2014-15 IACS Seminar Series:
- 2/6 Brian Hayes (IACS) on Orderly Randomness: Quasirandom Numbers and Quasi-Monte Carlo
- 2/13 Ray Jones (IACS) on Connectomics: Extracting Neural Connectivity From Very Large Data Sets
- 2/20 Delaney Granizo-Mackenzie & Rich Frank (Quantopian) on Free Software in Finance
- 3/6 Harvard Graduate Students on Chile-Harvard Innovative Learning Exchange
- 3/13 Alan Aspuru-Guzik (Harvard) on Billions and Billions of Molecules: Exploring Chemical Space
- 3/27 Jeff Bilmes (University of Washington) on Summarizing Large Data Sets ***Location: Harvard Univ. Science Ctr. Hall E (1 Oxford Street, Cambridge MA 02138)***
- 4/10 Budhendra Bhaduri (Oak Ridge National Laboratory) on Big Data, Geospatial Computing, and My 2 Cents in an Open Data Economy ***Time change: 12-1pm***
- 4/24 Christian Rudder (OkCupid) on Data: A Love Story: How data science, and a great deal of tinkering, created the biggest dating site in the U.S.
February 6, 2015
Title: Orderly Randomness: Quasirandom Numbers and Quasi–Monte Carlo
Modern computing has an insatiable appetite for randomness. Cryptography and other kinds of adversarial computation demand “true” random numbers, which have three key properties: They are unpredictable, uncorrelated, and unbiased. Most other applications rely on pseudorandom numbers, which give up unpredictability but are still uncorrelated and unbiased. A third kind of randomness is even weaker. Quasirandom numbers are neither unpredictable nor uncorrelated; they claim only to be unbiased. They don’t even “look” random. Nevertheless, in some circumstances quasirandom numbers seem to be superior to pseudorandom ones. For example, they allow faster convergence or better error bounds in certain Monte Carlo simulations. Although quasirandom numbers have been known since the 1950s, some of their useful properties have been recognized only in the past few years, and they are not yet fully understood.
February 13, 2015
Title: Connectomics: Extracting Neural Connectivity From Very Large Data Sets
February 20, 2015
Delaney Granizo-Mackenzie, Rich Frank, and Andrew Campbell
Title: Free Software in Finance
Write code to invest money. Quantopian offers a free platform for you to develop, backtest, and execute trading strategies against the market. Our platform is based entirely in Python and we are currently getting ready to launch our newest tool, an in-browser iPython notebook with access to historical market data. We will go over how our platform can be used to develop a trading strategy and how you can run a hedge fund from your home.
March 6, 2015
Diana Zhang, Sabrina Zhou, Xufei Wang, Lyla Fadden, Kim Minjae
Title: Chile-Harvard Innovative Learning Exchange
Five Harvard graduate students will discuss their recent research trip to Chile to analyze data from the Dark Energy Camera (DECam). The DECam is one of the instruments used in the Dark Energy Survey (DES), an international effort “designed to probe the origin of the accelerating universe and help uncover the nature of dark energy." Collaborating with students at the University of Chile, Harvard students were separated into small teams and ask to identify and classify objects as galaxies, stars or asteroids.
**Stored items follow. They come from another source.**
(* Let $FD_{j,2}(\alpha,\lambda,n)$ be the number of partitions with perimeter $n$, largest part $\alpha$, exactly $\lambda$ parts, and exactly $j$ distinct part sizes appearing at least twice. Then, as formal power series, $$\sum_{\alpha,\lambda,n\geq 1}\sum_{j\geq 0} FD_{j,2}(\alpha,\lambda,n)\,x^\alpha y^\lambda z^j q^n=\frac{xyq\,(1-(1-z)yq)}{1-(x+y)q+(1-z)xy^2q^3}.$$
   Context: A partition is a finite nonincreasing sequence of positive integers (its parts); its size is not fixed. For a partition $\pi$ with largest part $\alpha(\pi)$ and number of parts $\lambda(\pi)$, its perimeter is $\alpha(\pi)+\lambda(\pi)-1$. (Note $FD_{j,2}(\alpha,\lambda,n)=0$ unless $n=\alpha+\lambda-1$.) *)

From mathcomp Require Import all_boot all_order all_algebra.
Set Implicit Arguments. Unset Strict Implicit. Unset Printing Implicit Defensive.
Import GRing.Theory Num.Theory.

Definition is_partition (s : seq nat) : bool :=
  sorted geq s && all (fun k => 0 < k) s.

Definition largest_part (s : seq nat) : nat := foldr maxn 0 s.
Definition num_parts (s : seq nat) : nat := size s.
Definition perimeter (s : seq nat) : nat := largest_part s + num_parts s - 1.
Definition num_repeated_sizes (s : seq nat) : nat :=
  size (undup [seq k <- s | 1 < count_mem k s]).

(* A partition with lambda parts, all <= alpha, is encoded by a
   lambda.-tuple of elements of 'I_alpha.+1 (bijectively, via map val). *)
Definition FD2 (j a l n : nat) : nat :=
  #|[set t : l.-tuple 'I_a.+1 |
      let s := map val t in
      [&& is_partition s, largest_part s == a, num_parts s == l,
          perimeter s == n & num_repeated_sizes s == j]]|.

(* Formal power series in x, y, z, q with integer coefficients:
   f a l j n is the coefficient of x^a y^l z^j q^n. *)
Definition ps := nat -> nat -> nat -> nat -> int.

Local Open Scope ring_scope.

Definition psmul (f g : ps) : ps := fun a l j n =>
  \sum_(i1 < a.+1) \sum_(i2 < l.+1) \sum_(i3 < j.+1) \sum_(i4 < n.+1)
     f i1 i2 i3 i4 * g (a - i1)%N (l - i2)%N (j - i3)%N (n - i4)%N.

Definition psadd (f g : ps) : ps := fun a l j n => f a l j n + g a l j n.

Definition mono (c : int) (a0 l0 j0 n0 : nat) : ps := fun a l j n =>
  if [&& a == a0, l == l0, j == j0 & n == n0] then c else 0.

Definition FDgf : ps := fun a l j n =>
  if [&& (0 < a)%N, (0 < l)%N & (0 < n)%N] then (FD2 j a l n)%:Z else 0.

(* numerator  x y q (1 - (1 - z) y q) = xyq - x y^2 q^2 + z x y^2 q^2 *)
Definition numer : ps :=
  psadd (mono 1 1 1 0 1) (psadd (mono (-1) 1 2 0 2) (mono 1 1 2 1 2)).

(* denominator 1 - (x + y) q + (1 - z) x y^2 q^3 *)
Definition denom : ps :=
  psadd (mono 1 0 0 0 0)
  (psadd (mono (-1) 1 0 0 1)
  (psadd (mono (-1) 0 1 0 1)
  (psadd (mono 1 1 2 0 3) (mono (-1) 1 2 1 3)))).

From mathcomp Require Import all_boot all_order all_algebra zify.
Set Implicit Arguments. Unset Strict Implicit. Unset Printing Implicit Defensive.

(* Every monomial x^a y^l z^j q^n of the left side and of the numerator has
   n = a + l - 1, and every monomial of the denominator has n = a + l, so the
   identity reduces to one for G(a, l, j), the number of partitions with largest
   part a, l parts and j repeated part sizes:
     G(a,l) - G(a-1,l) - G(a,l-1) + G(a-1,l-2) - z G(a-1,l-2) = [numerator].
   Writing P(b, l) for the partitions into l parts at most b, removing one copy
   of the largest part a gives
     G(a,l) = G(a,l-1) + P(a-1,l-1) - P(a-1,l-2) + z P(a-1,l-2),
   and differencing this in a, using P(a,l) = P(a-1,l) + G(a,l), yields the
   recurrence away from the boundary. *)

(* [parts b l] lists the partitions with [l] parts, all at most [b]; those
   using the part [b] are grouped by the number [i] of their smaller parts. *)
Fixpoint parts (b l : nat) : seq (seq nat) :=
  if b is b'.+1 then
    parts b' l ++ [seq nseq (l - i) b ++ s | i <- iota 0 l, s <- parts b' i]
  else if l is 0 then [:: [::]] else [::].

Definition parts_top (b l : nat) : seq (seq nat) :=
  [seq nseq (l - i) b.+1 ++ s | i <- iota 0 l, s <- parts b i].

Lemma parts_S b l : parts b.+1 l = parts b l ++ parts_top b l.
Proof. by []. Qed.

Definition bounded_partition (b l : nat) (s : seq nat) : bool :=
  [&& sorted geq s, all (fun k => 0 < k <= b) s & size s == l].

Lemma sorted_geq_nseq_cat m c s :
  sorted geq s -> all (fun k => k <= c) s -> sorted geq (nseq m c ++ s).
Proof.
move=> s_sorted s_le; elim: m => [//|m IHm] /=.
rewrite (path_sortedE (rev_trans leq_trans)) IHm andbT all_cat s_le andbT.
by apply/allP => x /nseqP [-> _] /=.
Qed.

Lemma sorted_geq_split_top b s :
  sorted geq s -> all (fun k => 0 < k <= b.+1) s ->
  exists m s', [/\ s = nseq m b.+1 ++ s', sorted geq s' & all (fun k => 0 < k <= b) s'].
Proof.
elim: s => [|x r IHr] /=; first by exists 0, [::].
rewrite (path_sortedE (rev_trans leq_trans)) => /andP [r_le_x r_sorted].
move=> /andP [/andP [x_gt0 x_le] r_bnd].
have [x_le_b|x_gt_b] := leqP x b.
  exists 0, (x :: r); split => //=; first by rewrite (path_sortedE (rev_trans leq_trans)) r_le_x.
  rewrite x_gt0 x_le_b; apply/allP => y yr; have /= := allP r_le_x y yr.
  by have /= := allP r_bnd y yr; lia.
have {x_le x_gt_b} -> : x = b.+1 by lia.
by have [m [s' [-> ? ?]]] := IHr r_sorted r_bnd; exists m.+1, s'.
Qed.

Lemma mem_parts b l s : (s \in parts b l) = bounded_partition b l s.
Proof.
rewrite /bounded_partition; elim: b l s => [|b IHb] l s.
  by case: l => [|l]; case: s => [|[|x] s]; rewrite ?inE ?andbF.
rewrite parts_S mem_cat IHb; apply/idP/idP.
  case/orP => [/and3P [-> s_bnd ->]|/allpairsPdep [i [s' []]]].
    by rewrite andbT; apply/allP => x /(allP s_bnd) /=; lia.
  rewrite mem_iota IHb add0n => /andP [_ il] /and3P [s'_sorted s'_bnd /eqP si] ->.
  have s'_le : all (fun k => k <= b.+1) s' by apply/allP => x /(allP s'_bnd) /=; lia.
  rewrite sorted_geq_nseq_cat // all_cat size_cat size_nseq si subnK ?(ltnW il) // eqxx andbT.
  rewrite andTb; apply/andP; split; first by apply/allP => x /nseqP [-> _]; rewrite leqnn.
  by apply/allP => x /(allP s'_bnd) /=; lia.
case/and3P => s_sorted s_bnd /eqP <-.
have [[|m] [s' [-> s'_sorted s'_bnd]]] := sorted_geq_split_top s_sorted s_bnd.
  by rewrite /= s'_sorted s'_bnd eqxx.
apply/orP; right; apply/allpairsPdep; exists (size s'), s'.
rewrite mem_iota IHb s'_sorted s'_bnd size_cat size_nseq eqxx; split => //.
  by apply/andP; split; lia.
by congr (nseq _ _ ++ _); lia.
Qed.

Lemma mem_parts_le b l s : s \in parts b l -> all (fun k => k <= b) s.
Proof. by rewrite mem_parts => /and3P [_ /allP s_bnd _]; apply/allP => x /s_bnd /andP []. Qed.

Lemma count_mem_gt c s : all (fun k => k <= c) s -> count_mem c.+1 s = 0.
Proof. by move=> /allP s_le; apply/count_memPn/negP => /s_le; rewrite ltnn. Qed.

Lemma uniq_parts b l : uniq (parts b l).
Proof.
elim: b l => [|b IHb] l; first by case: l.
rewrite parts_S cat_uniq IHb /=; apply/andP; split.
  apply/hasPn => _ /allpairsPdep [i [s [il _ ->]]]; apply/negP => /mem_parts_le.
  rewrite mem_iota in il; rewrite all_cat => /andP [+ _].
  have -> : l - i = (l - i).-1.+1 by lia.
  by rewrite /= ltnn.
rewrite /parts_top; apply: allpairs_uniq_dep => [|i _|[x1 y1] [x2 y2]].
- exact: iota_uniq.
- exact: IHb.
move=> /allpairsPdep [i1 [s1 [i1l s1P [e1 e1']]]].
move=> /allpairsPdep [i2 [s2 [i2l s2P [e2 e2']]]] /= E.
subst x1 x2 y1 y2; rewrite mem_iota in i1l i2l.
have := congr1 (count_mem b.+1) E; rewrite !count_cat !count_nseq /= eqxx !mul1n.
rewrite !count_mem_gt ?(mem_parts_le s1P) ?(mem_parts_le s2P) // => count_eq.
have {count_eq i2l} ei : i1 = i2 by lia.
by move: E; rewrite ei => /eqP; rewrite eqseq_cat ?size_nseq // eqxx => /eqP ->.
Qed.

Lemma map_val_inord a s : all (fun k => k <= a) s -> map val (map (@inord a) s) = s.
Proof.
move=> /allP s_le; rewrite -map_comp -[RHS]map_id.
by apply/eq_in_map => x /s_le x_le /=; rewrite inordK.
Qed.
Designed by IACS Scientific Program Director and Lecturer Pavlos Protopapas, the two-week Chile-Harvard Innovative Learning Exchange Program is in its second year and aims to provide students the experience of working on international teams with noisy and imperfect data sets.
March 13, 2015
Title: Billions and Billions of Molecules: Exploring Chemical Space
Many of the challenges of the twenty-first century are related to molecular processes such as the generation, transmission, and storage of clean energy, water purification and desalination. These transformations require a next generation of more efficient and ecologically-friendly materials. In the life sciences, we face similar challenges, for example drug-resistant bacterial strains require novel antibiotics. One of the paradigm shifts that the theoretical and experimental chemists needs to embrace is that of accelerated molecular discovery: The design cycles need to be sped up by the constant interaction of theoreticians and experimentalists, the use of high-throughput computational techniques, tools from machine learning and big data, and the development of public materials databases. I will describe three projects from my research group that aim to operate in this accelerated design cycle. First, I will describe our efforts on the Harvard Clean Energy Project, a search for materials for organic solar cells. I will continue by talking about our work on developing organic molecules for energy storage in flow batteries. Finally, I will describe our work towards the discovery of novel molecules for organic light-emitting diodes.
March 27, 2015
Location Change: Harvard Univ. Science Ctr. Hall E (1 Oxford Street, Cambridge MA 02138)
Title: Summarizing Large Data Sets
April 10, 2015
Title: Big Data, Geospatial Computing, and My 2 Cents in an Open Data Economy
VIDEO: No video available; presentation slides can be downloaded here.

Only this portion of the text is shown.